A woman in a woman’s dream: an aspect of herself, but often a facet of herself she is not immediately identifying with.
The above example helps make this plain. Mo explored her feelings about the dream characters. It all fell into place when she asked herself what she had ‘lost’ recently. She had left a lover of some years’ standing. This gave her a lot more freedom and new opportunity, depicted by the baby, but also muddled feelings of loss. Her Australian friend represents her feelings of grieving for the death’ of her relationship. Her muddled feelings arise because she both loves the new life which opens up, but grieves for the death of her romance.
A woman’s sister, female children: particularly used to represent herself.
The character of the dream woman, loving, angry, businesslike, lazy, sexual, gives a clue to what pan of the dreamer it is referring to.
If the dream woman is a person known well, the above can still be the case, but the woman may represent what the dreamer feels about that person.
A woman younger than the dreamer oneself at that age.
An older woman: could be the dreamer’s mother, her feelings about aging, her sense of inherited wisdom. Two women and the dreamer, conflicting feelings or drives. One woman, one man: behaviour patterns arising from parental relationship.
A goddess or holy woman, the dreamer’s highest potential; what she is capable of but may not yet have lived.
Man dreaming of a woman
Example: ‘On a raised mobile platform a goddess stood. I loved her and flew to her, skimming above the heads of the people. I calked to her. She told me the only love I could receive from her was that which I gave to a human woman. Inasmuch as I gave love to a human female, she would love me. She was all women’ (Andrew P).
The example shows Andrew meeting his archetypal conception of a woman, his ideal. But he understands that you cannot love an ideal. His love must find a real woman. Through a real love he would call love from out of himself, out of his unconscious reserve.

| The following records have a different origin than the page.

(* With K = int_tl^tu e^(-g s) f(s) ds, the functional
     W(t) = x(t) + 2 int_tl^tu e^(-g s) f(s) int_(t-s)^t beta(x(r)) x(r) dr ds
   satisfies W' = x ((2K - 1) beta(x) - d) along solutions, and
   x(t) <= W(t) <= x(t) + 2 tu beta(0) max_[t-tu, t] x.
   If (2K - 1) beta(0) < d, then W is nonincreasing, which bounds x in terms of its history
   (stability); moreover W' <= -c x for some c > 0 while W >= 0 and x is Lipschitz, so x -> 0
   by a Barbalat-type argument, and y, which is controlled by the last tu units of x, follows.
   If d < (2K - 1) beta(0), then W' >= c x as long as x stays small.  A solution with small
   positive constant history (built by Picard iteration) that stayed small would have W
   increasing from W(0) >= x(0) > 0 while x -> 0, forcing W -> 0. *)


(* Coquelicot states these for abstract normed modules; the versions below unify with
   expressions over [R] and state [RInt] equalities in [R], so that [ring] and [lra] apply. *)

Lemma ball_R (x e y : R) : ball x e y <-> Rabs (y - x) < e.
Proof. reflexivity. Qed.

Lemma continuous_Rplus (u v : R -> R) x :
  continuous u x -> continuous v x -> continuous (fun y => u y + v y) x.
Proof. intros; apply (continuous_plus u v); auto. Qed.

Lemma continuous_Rminus (u v : R -> R) x :
  continuous u x -> continuous v x -> continuous (fun y => u y - v y) x.
Proof. intros; apply (continuous_minus u v); auto. Qed.

Lemma continuous_Rmult (u v : R -> R) x :
  continuous u x -> continuous v x -> continuous (fun y => u y * v y) x.
Proof. intros; apply (continuous_mult u v); auto. Qed.

Lemma continuous_Ropp (u : R -> R) x : continuous u x -> continuous (fun y => - u y) x.
Proof. intros; apply (continuous_opp u); auto. Qed.
Lemma acoef_radius : CV_radius acoef = p_infty.
Proof.
  apply CV_radius_infinite_DAlembert.
  - intros n; pose proof (acoef_pos n); lra.
  - apply is_lim_seq_le_le with (u := fun _ => 0)
      (w := fun n => / (4 * (nu + 1)) * / INR (S n)).
    + intros n. rewrite acoef_S. pose proof (acoef_pos n). pose proof (pos_INR n).
      rewrite S_INR.
      replace (acoef n / (4 * (nu + 1 + INR n) * (INR n + 1)) / acoef n)
        with (/ (4 * (nu + 1 + INR n) * (INR n + 1))) by (field; repeat split; lra).
      rewrite Rabs_pos_eq by (left; apply Rinv_0_lt_compat, Rmult_lt_0_compat; lra).
      split; [left; apply Rinv_0_lt_compat, Rmult_lt_0_compat; lra|].
      rewrite <- Rinv_mult. apply Rinv_le_contravar; [apply Rmult_lt_0_compat; lra|].
      apply Rmult_le_compat_r; lra.
    + apply is_lim_seq_const.
    + replace (Finite 0) with (Rbar_mult (/ (4 * (nu + 1))) 0) by (simpl; f_equal; ring).
      apply is_lim_seq_scal_l, inv_INR_S_lim.
Qed.

Lemma acoef'_radius : CV_radius (PS_derive acoef) = p_infty.
Proof. rewrite CV_radius_derive. exact acoef_radius. Qed.

Lemma acoef''_radius : CV_radius (PS_derive (PS_derive acoef)) = p_infty.
Proof. rewrite CV_radius_derive. exact acoef'_radius. Qed.

Definition A (s : R) : R := PSeries acoef s.
Definition A1 (s : R) : R := PSeries (PS_derive acoef) s.
Definition A2 (s : R) : R := PSeries (PS_derive (PS_derive acoef)) s.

In a man’s dream: his present relationship with his own feelings and intuitive self; his sensitivity and contact with his unconscious through receptivity; or how he is relating to his female partner.

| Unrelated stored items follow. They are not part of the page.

(* Let $\Phi$ be an $e$-dimensional formal group law over $k$, $m\in\mathbb N_{>0}\cup\{\infty\}$, and let $K\subseteq L$ be an extension of $\Phi[m]$-fields. If $K$ is strict, i.e. $C_K=K^p$, then the field extension $K\subseteq L$ is separable.
   Context: $k$ is a field of characteristic $p>0$. For a $k$-algebra $R$, $R[\bar v]:=R[X_1,\dots,X_e]/(X_1^{p^m},\dots,X_e^{p^m})$ ($R[[\bar X]]$ if $m=\infty$); $\bar w$ is a second $e$-tuple of $m$-truncated variables. $\Phi[m]\in(k[\bar v,\bar w])^e$ is the image of $\Phi(\bar X,\bar Y)$ under $X_i\mapsto v_i,Y_i\mapsto w_i$. An $m$-truncated $e$-dimensional HS-derivation on $R$ over $k$ is a family $(D_{\mathbf i}:R\to R)_{\mathbf i\in\{0,\dots,p^m-1\}^e}$ with $r\mapsto\sum D_{\mathbf i}(r)\bar v^{\mathbf i}$ a $k$-algebra homomorphism $R\to R[\bar v]$ and $D_{\mathbf 0}=\mathrm{id}$; it is an $F$-derivation if $\sum_{\mathbf i,\mathbf j}D_{\mathbf j}(D_{\mathbf i}(r))\bar v^{\mathbf i}\bar w^{\mathbf j}=\sum_{\mathbf i}D_{\mathbf i}(r)F(\bar v,\bar w)^{\mathbf i}$ for all $r$. An $F$-field is a field containing $k$ with an $F$-derivation; an extension of $F$-fields $K\subseteq L$ means $D^L_{\mathbf i}|_K=D^K_{\mathbf i}$ for all $\mathbf i$. $C_K:=\bigcap_{l=1}^e\ker D_{\varepsilon_l}$ ($\varepsilon_l$ the $l$-th unit vector). *)

From HB Require Import structures.
From mathcomp Require Import all_boot all_order all_algebra.
Set Implicit Arguments.
Unset Strict Implicit.
Unset Printing Implicit Defensive.
Import GRing.Theory.
Local Open Scope ring_scope.

(** Multi-indices in n variables. *)
Definition mi (n : nat) := {ffun 'I_n -> nat}.
Definition mi0 n : mi n := [ffun => 0%N].
Definition mi_unit n (j : 'I_n) : mi n := [ffun i => nat_of_bool (i == j)].
Definition mi_deg n (c : mi n) : nat := (\sum_(i < n) c i)%N.
Definition mi_le n (a c : mi n) : bool := [forall i, (a i <= c i)%N].
Definition mi_sub n (c a : mi n) : mi n := [ffun i => (c i - a i)%N].
Definition mi_of n B (a : {ffun 'I_n -> 'I_B}) : mi n := [ffun i => nat_of_ord (a i)].
(** (a,b) as a multi-index in the 2n variables (X_1..X_n, Y_1..Y_n). *)
Definition mi_pair n (a b : mi n) : mi (n + n) :=
  [ffun j => match split j with inl i => a i | inr i => b i end].

(** Formal power series in n variables, as coefficient functions. *)
Definition ps (R : Type) n := mi n -> R.

Section PS.
Variable R : nzRingType.

Definition psone n : ps R n := fun c => if [forall i, c i == 0%N] then 1 else 0.
Definition psvar n (j : 'I_n) : ps R n := fun c => if c == mi_unit j then 1 else 0.
Definition psmul n (f g : ps R n) : ps R n := fun c =>
  \sum_(a : {ffun 'I_n -> 'I_(mi_deg c).+1} | mi_le (mi_of a) c)
     f (mi_of a) * g (mi_sub c (mi_of a)).
Definition psexp n (f : ps R n) (j : nat) : ps R n := iter j (psmul f) (@psone n).
Definition psmonom m n (H : 'I_m -> ps R n) (a : mi m) : ps R n :=
  \big[@psmul n/@psone n]_(j < m) psexp (H j) (a j).
(** Substitution G(H_1,...,H_m), valid when all H_j have zero constant term
    (then only monomials a with |a| <= |c| contribute to the coefficient c). *)
Definition pssubst m n (G : ps R m) (H : 'I_m -> ps R n) : ps R n := fun c =>
  \sum_(a : {ffun 'I_m -> 'I_(mi_deg c).+1}) G (mi_of a) * psmonom H (mi_of a) c.
Definition pspair m n (A B : 'I_m -> ps R n) : 'I_(m + m) -> ps R n :=
  fun j => match split j with inl i => A i | inr i => B i end.

(** e-dimensional formal group law Phi(X,Y) (variables X = first block,
    Y = second block of 'I_(e+e)):  Phi(X,Y) = X + Y mod deg 2, and
    Phi(Phi(X,Y),Z) = Phi(X,Phi(Y,Z)). *)
Definition is_FGL e (Phi : 'I_e -> ps R (e + e)) : Prop :=
  [/\ (forall l, Phi l (mi0 _) = 0),
      (forall l (j : 'I_(e + e)),
          Phi l (mi_unit j) = if (j == lshift e l) || (j == rshift e l) then 1 else 0) &
      (forall l (c : mi (e + e + e)),
        pssubst (Phi l)
          (pspair (fun i => pssubst (Phi i)
                              (pspair (fun i' => psvar (lshift e (lshift e i')))
                                      (fun i' => psvar (lshift e (rshift e i')))))
                  (fun i => psvar (rshift (e + e) i))) c
        =
        pssubst (Phi l)
          (pspair (fun i => psvar (lshift e (lshift e i)))
                  (fun i => pssubst (Phi i)
                              (pspair (fun i' => psvar (lshift e (rshift e i')))
                                      (fun i' => psvar (rshift (e + e) i'))))) c)].
End PS.

(** m : None = infinity, Some t = t-truncated; indices i with all i_l < p^t. *)
Definition inrange (p : nat) (m : option nat) n (i : mi n) : bool :=
  match m with Some t => [forall l, (i l < p ^ t)%N] | None => true end.

(** m-truncated e-dimensional HS-derivation on K over k (k-structure via iK). *)
Definition is_HS (k K : fieldType) (iK : {rmorphism k -> K}) (p : nat) (m : option nat)
    e (D : mi e -> K -> K) : Prop :=
  (forall x, D (mi0 e) x = x) /\
  forall i, inrange p m i ->
   [/\ forall x y, D i (x + y) = D i x + D i y,
       forall c x, D i (iK c * x) = iK c * D i x,
       D i 1 = (if i == mi0 e then 1 else 0) &
       forall x y, D i (x * y) =
         \sum_(j : {ffun 'I_e -> 'I_(mi_deg i).+1} | mi_le (mi_of j) i)
            D (mi_of j) x * D (mi_sub i (mi_of j)) y].

(** Phi[m]-derivation: coefficientwise form of
    sum_{i,j} D_j(D_i r) v^i w^j = sum_i D_i(r) Phi(v,w)^i  in K[v,w]:
    coefficient of v^a w^b.  Terms with some i_l > |a|+|b| vanish since
    Phi has zero constant term, so the sum is restricted to those. *)
Definition is_Fder (k K : fieldType) (iK : {rmorphism k -> K}) (p : nat) (m : option nat)
    e (Phi : 'I_e -> ps k (e + e)) (D : mi e -> K -> K) : Prop :=
  is_HS iK p m D /\
  forall a b : mi e, inrange p m a -> inrange p m b -> forall x,
    D b (D a x) =
    \sum_(i : {ffun 'I_e -> 'I_(mi_deg a + mi_deg b).+1} | inrange p m (mi_of i))
       iK (psmonom Phi (mi_of i) (mi_pair a b)) * D (mi_of i) x.

Definition strict (K : fieldType) (p : nat) e (D : mi e -> K -> K) : Prop :=
  forall x, (forall l : 'I_e, D (mi_unit l) x = 0) <-> exists y, x = y ^+ p.

(** Separability of K -> L in characteristic p: K^(1/p) and L are linearly
    disjoint over K, transported through the Frobenius isomorphism:
    K-linearly independent l_i have K-linearly independent p-th powers. *)
Definition separable_ext (K L : fieldType) (f : {rmorphism K -> L}) (p : nat) : Prop :=
  forall n (l : 'I_n -> L),
    (forall c : 'I_n -> K, \sum_(i < n) f (c i) * l i = 0 -> forall i, c i = 0) ->
    (forall c : 'I_n -> K, \sum_(i < n) f (c i) * l i ^+ p = 0 -> forall i, c i = 0).

(* Each first-order component D_(e_l) of an HS-derivation is a derivation, so it kills
   p-th powers. Suppose the l_i are K-independent but the l_i^p satisfy a relation
   sum c_i l_i^p = 0 with as few nonzero coefficients as possible, normalised so that
   c_(i0) = 1. Applying D_(e_l) (computed in L, where it extends the one of K) gives
   the relation sum D_(e_l)(c_i) l_i^p = 0 with fewer nonzero coefficients, so every
   D_(e_l)(c_i) vanishes. By strictness c_i = d_i^p, and injectivity of Frobenius turns
   the relation into sum d_i l_i = 0 with d_(i0) = 1, contradicting independence. *)
From HB Require Import structures.
From mathcomp Require Import all_boot all_order all_algebra.
Set Implicit Arguments.
Unset Strict Implicit.
Unset Printing Implicit Defensive.
Import GRing.Theory.
Local Open Scope ring_scope.

Definition derivation (R : nzRingType) (d : R -> R) : Prop :=
  (forall x y, d (x + y) = d x + d y) /\ (forall x y, d (x * y) = x * d y + d x * y).

Section Derivation.
Variables (R : comNzRingType) (d : R -> R).
Hypothesis hd : derivation d.

Lemma derivationD x y : d (x + y) = d x + d y.
Proof. exact: hd.1. Qed.

Lemma derivationM x y : d (x * y) = x * d y + d x * y.
Proof. exact: hd.2. Qed.

Lemma derivation0 : d 0 = 0.
Proof. by apply: (addrI (d 0)); rewrite -derivationD !addr0. Qed.

Lemma derivation1 : d 1 = 0.
Proof.
by apply: (addrI (d 1)); rewrite addr0 -[in RHS](mulr1 1) derivationM mulr1 mul1r.
Qed.

Lemma derivation_sum n (F : 'I_n -> R) : d (\sum_(i < n) F i) = \sum_(i < n) d (F i).
Proof. exact: (big_morph _ derivationD derivation0). Qed.

Lemma derivationXn x n : d (x ^+ n.+1) = x ^+ n * d x *+ n.+1.
Proof.
elim: n => [|n IH]; first by rewrite expr1 expr0 mul1r.
rewrite exprS derivationM IH -mulrnAr mulrA -exprS [in RHS]mulrSr.
by rewrite (mulrC (d x)) mulrnAr.
Qed.

Lemma derivation_pchar p x : p \in [pchar R] -> d (x ^+ p) = 0.
Proof.
move=> hp; have := pcharf_prime hp; case: p hp => // q hp _.
by rewrite derivationXn mulrn_pchar.
Qed.

End Derivation.

Lemma mi_deg_unit e (l : 'I_e) : mi_deg (mi_unit l) = 1%N.
Proof.
rewrite /mi_deg (bigD1 l) //= big1 ?addn0; first by rewrite ffunE eqxx.
by move=> i /negbTE hi; rewrite ffunE hi.
Qed.

Lemma mi_of_inj n B : injective (@mi_of n B).
Proof.
by move=> a b /ffunP hab; apply/ffunP => i; apply: val_inj; have := hab i; rewrite !ffunE.
Qed.

Lemma mi_le_unit e (l : 'I_e) (a : mi e) :
  mi_le a (mi_unit l) -> a = mi0 e \/ a = mi_unit l.
Proof.
move=> /forallP hle.
have hz i : i != l -> a i = 0%N.
  by move=> /negbTE hi; have := hle i; rewrite ffunE hi leqn0 => /eqP.
have := hle l; rewrite ffunE eqxx leq_eqVlt ltnS leqn0 => /orP [] /eqP hl.
- right; apply/ffunP => i; rewrite ffunE.
  by case: (eqVneq i l) => [->|/hz //]; rewrite hl.
- left; apply/ffunP => i; rewrite ffunE.
  by case: (eqVneq i l) => [->|/hz //].
Qed.

Lemma inrange_unit p m e (l : 'I_e) :
  (1 < p)%N -> (forall t, m = Some t -> (0 < t)%N) -> inrange p m (mi_unit l).
Proof.
move=> hp hm; rewrite /inrange; case Em: m => [t|] //; apply/forallP => i.
rewrite ffunE (leq_ltn_trans (leq_b1 _)) // -{1}(expn0 p) ltn_exp2l //.
exact: hm Em.
Qed.

Section HSUnitDerivation.
Variables (k K : fieldType) (iK : {rmorphism k -> K}) (p : nat) (m : option nat) (e : nat).
Variables (D : mi e -> K -> K) (l : 'I_e).
Hypotheses (hD : is_HS iK p m D) (hl : inrange p m (mi_unit l)).

Lemma is_HS_unitM x y : D (mi_unit l) (x * y) = x * D (mi_unit l) y + D (mi_unit l) x * y.
Proof.
case: hD => hD0 /(_ _ hl) [_ _ _ ->].
have h1 : (1 < (mi_deg (mi_unit l)).+1)%N by rewrite mi_deg_unit.
pose j0 : {ffun 'I_e -> 'I_(mi_deg (mi_unit l)).+1} := [ffun => ord0].
pose j1 : {ffun 'I_e -> 'I_(mi_deg (mi_unit l)).+1} :=
  [ffun i => if i == l then Ordinal h1 else ord0].
have ej0 : mi_of j0 = mi0 e by apply/ffunP => i; rewrite !ffunE.
have ej1 : mi_of j1 = mi_unit l by apply/ffunP => i; rewrite !ffunE; case: (i == l).
have hj0 : mi_le (mi_of j0) (mi_unit l) by apply/forallP => i; rewrite ej0 ffunE.
have hj1 : mi_le (mi_of j1) (mi_unit l) by apply/forallP => i; rewrite ej1.
have j10 : j1 != j0.
  by apply/eqP => /(congr1 (@mi_of _ _)); rewrite ej0 ej1 => /ffunP /(_ l); rewrite !ffunE eqxx.
rewrite (bigD1 j0) // (bigD1 j1) /=; last by rewrite hj1 j10.
rewrite big1 => [|j /andP [/andP [/mi_le_unit hj nj0] nj1]]; last first.
  by case: hj => [hj|hj]; [move: nj0 | move: nj1];
     rewrite -(inj_eq (@mi_of_inj _ _)) ?ej0 ?ej1 hj eqxx.
have sub0 : mi_sub (mi_unit l) (mi0 e) = mi_unit l by apply/ffunP => i; rewrite !ffunE subn0.
have subl : mi_sub (mi_unit l) (mi_unit l) = mi0 e by apply/ffunP => i; rewrite !ffunE subnn.
by rewrite ej0 ej1 sub0 subl !hD0 addr0.
Qed.

Lemma is_HS_unit_derivation : derivation (D (mi_unit l)).
Proof. by split; [case: hD => _ /(_ _ hl) [] | exact: is_HS_unitM]. Qed.

End HSUnitDerivation.

Section DifferentialSeparability.
Variables (K L : fieldType) (f : {rmorphism K -> L}) (p : nat) (I : Type).
Variables (dK : I -> K -> K) (dL : I -> L -> L).
Hypotheses (hpchar : p \in [pchar K]) (hdK : forall j, derivation (dK j))
  (hdL : forall j, derivation (dL j)) (hext : forall j x, dL j (f x) = f (dK j x))
  (hconst : forall x, (forall j, dK j x = 0) -> exists y, x = y ^+ p).

Let pchar_L : p \in [pchar L] := rmorph_pchar f hpchar.

Section PowRelation.
Variables (n : nat) (l : 'I_n -> L).

Definition pow_relation (c : 'I_n -> K) := \sum_(i < n) f (c i) * l i ^+ p = 0.

Lemma pow_relationZ c a : pow_relation c -> pow_relation (fun i => c i * a).
Proof.
rewrite /pow_relation => hc; under eq_bigr => i _ do rewrite rmorphM mulrAC.
by rewrite -mulr_suml hc mul0r.
Qed.

Lemma pow_relation_derivation j c : pow_relation c -> pow_relation (dK j \o c).
Proof.
rewrite /pow_relation => hc; have := congr1 (dL j) hc.
rewrite derivation_sum ?derivation0 // => hd; rewrite -[RHS]hd; apply: eq_bigr => i _.
by rewrite derivationM // (derivation_pchar (hdL j)) // mulr0 add0r hext.
Qed.

Lemma pow_relation_root c d : (forall i, c i = d i ^+ p) ->
  pow_relation c -> \sum_(i < n) f (d i) * l i = 0.
Proof.
rewrite /pow_relation => hcd hc.
have : (\sum_(i < n) f (d i) * l i) ^+ p = 0.
  rewrite -(pFrobenius_autE pchar_L) rmorph_sum -[RHS]hc; apply: eq_bigr => i _.
  by rewrite /= pFrobenius_autE exprMn -rmorphXn -hcd.
by move/eqP; rewrite expf_eq0 => /andP [_ /eqP].
Qed.

Lemma card_support_derivation j (c : 'I_n -> K) i0 : c i0 = 1 ->
  (#|support (dK j \o c)| < #|support c|)%N.
Proof.
move=> hi0; rewrite (cardD1 i0 (support c)) inE hi0 oner_neq0 add1n ltnS.
apply: subset_leq_card; apply/subsetP => i; rewrite !inE => hi.
apply/andP; split.
  by apply: contraNneq hi => ->; rewrite /= hi0 derivation1.
by apply: contraNneq hi => /= ->; rewrite derivation0.
Qed.

Lemma card_support_scale (c : 'I_n -> K) a : (#|support (fun i => c i * a)%R| <= #|support c|)%N.
Proof.
apply: subset_leq_card; apply/subsetP => i; rewrite !inE.
by rewrite mulf_eq0 negb_or => /andP [].
Qed.

End PowRelation.

Lemma separable_ext_of_constants : separable_ext f p.
Proof.
move=> n l hl c; move: {2}#|_| (leqnn #|support c|) => s.
elim: s c => [|s IH] c hs hc i0; apply/eqP; apply: contraT => hi0.
  by move: hs; rewrite leqn0 => /eqP /card0_eq /(_ i0); rewrite inE hi0.
pose c' i := c i / c i0.
have c'i0 : c' i0 = 1 by rewrite /c' divff.
have hc' : pow_relation l c' by apply: pow_relationZ.
have c'_const i j : dK j (c' i) = 0.
  apply: IH (pow_relation_derivation j hc') i.
  rewrite -ltnS (leq_trans (card_support_derivation j c'i0)) //.
  exact: leq_trans (card_support_scale _ _) hs.
have [d hd] := fin_all_exists (fun i => hconst (c'_const i)).
have := hd i0; rewrite c'i0 (hl d (pow_relation_root hd hc') i0) expr0n.
by rewrite eqn0Ngt (prime_gt0 (pcharf_prime hpchar)) => /eqP; rewrite oner_eq0.
Qed.

End DifferentialSeparability.

Theorem mainTheorem7 (k : fieldType) (p : nat) (hp : prime p) (hchar : p \in [pchar k])
  (e : nat) (Phi : 'I_e -> ps k (e + e)) (hPhi : is_FGL Phi)
  (m : option nat) (hm : forall t, m = Some t -> (0 < t)%N)
  (K L : fieldType) (iK : {rmorphism k -> K}) (iL : {rmorphism k -> L})
  (DK : mi e -> K -> K) (DL : mi e -> L -> L)
  (hK : is_Fder iK p m Phi DK) (hL : is_Fder iL p m Phi DL)
  (f : {rmorphism K -> L}) (hf : forall c, f (iK c) = iL c)
  (hext : forall i, inrange p m i -> forall x, DL i (f x) = f (DK i x))
  (hstrict : strict p DK) :
  separable_ext f p.
Proof.
have hunit (l : 'I_e) : inrange p m (mi_unit l) by apply: inrange_unit; rewrite ?prime_gt1.
apply: (@separable_ext_of_constants _ _ f p _ (DK \o @mi_unit e) (DL \o @mi_unit e)).
- exact: rmorph_pchar hchar.
- by move=> j; apply: is_HS_unit_derivation hK.1 _.
- by move=> j; apply: is_HS_unit_derivation hL.1 _.
- by move=> j; apply: hext.
- by move=> x /hstrict.
Qed.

The latter is especially so if the woman in the dream is his partner, how capable he is of loving a woman.
An old woman, usually the dreamer’s mother.
The woman, because she is his feelings, is obviously also his sexual desires and how he meets them.
A younger woman: can depict his desires for a woman of that age, or his more vulnerable emotions. Two women and the dreamer: an ‘eternal triangle’; conflicting feelings.
If one woman and one man: pattern of behaviour developed in relationship with parents.
The conditions or situations of the woman, see under appropriate entries, such as illness; murder, swimming; etc.
See anima and the Great Mother under archetypes.